# What you are asked to do:
From the entries below, copy every line that holds the word "surely".

[Records for processing Boundary: Start]

Lemma sum_delta_l (a : T) (F : T -> C) : \sum_(c : T) (a == c)%:R * F c = F a.
Proof.
rewrite (bigD1 a) //= eqxx mul1r big1 ?addr0 // => c /negbTE ca.
by rewrite eq_sym ca mul0r.
Qed.

Lemma sum_delta_r (b : T) (F : T -> C) : \sum_(c : T) F c * (c == b)%:R = F b.
Proof.
rewrite (bigD1 b) //= eqxx mulr1 big1 ?addr0 // => c /negbTE cb.
by rewrite cb mulr0.
Qed.

Definition compl_op P (a b : T) : C := (a == b)%:R - P a b.

Lemma compl_projector P : orth_projector P -> orth_projector (compl_op P).
Proof.
move=> [hP hI]; split=> a b; rewrite /compl_op.
  by rewrite rmorphB /= -hP rmorph_nat eq_sym.
under eq_bigr do rewrite mulrBl !mulrBr.
rewrite !sumrB hI sum_delta_l sum_delta_r sum_delta_l; ring.
Qed.

Lemma prob1_compl P v : prob1 (compl_op P) v = cdot v v - prob1 P v.
Proof.
rewrite /prob1 /cdot -sumrB; apply: eq_bigr => a _.
under eq_bigr do rewrite /compl_op mulrBr mulrBl.
rewrite sumrB; congr (_ - _).
by under eq_bigr do rewrite -mulrA; rewrite -mulr_sumr sum_delta_l.
Qed.

(* A state giving outcome 0 surely is orthogonal to a unit state giving
   outcome 1 surely: this is why exact algorithms need orthogonal states. *)
Lemma exact_outcomes_orthogonal P u v :
  orth_projector P -> prob1 P u = 0 -> prob1 P v = 1 -> cdot v v = 1 -> cdot u v = 0.
Proof.
move=> hPP pu pv nv.
have v0 : prob1 (compl_op P) v = 0 by rewrite prob1_compl nv pv subrr.
have Pv_eq c : v c = apply_op P v c.
  have := prob1_eq0 (compl_projector hPP) v0 c.
  rewrite /apply_op /compl_op; under eq_bigr do rewrite mulrBl.
  by rewrite sumrB sum_delta_l => /eqP; rewrite subr_eq0 => /eqP.
rewrite /cdot; under eq_bigr do rewrite Pv_eq /apply_op mulr_sumr.
rewrite exchange_big /=; apply: big1 => b _.
under eq_bigr do rewrite mulrA.
by rewrite -mulr_suml -conj_apply_op // prob1_eq0 // rmorph0 mul0r.
Qed.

[Records for processing Boundary: End]

# Result:
(* A state giving outcome 0 surely is orthogonal to a unit state giving
   outcome 1 surely: this is why exact algorithms need orthogonal states. *)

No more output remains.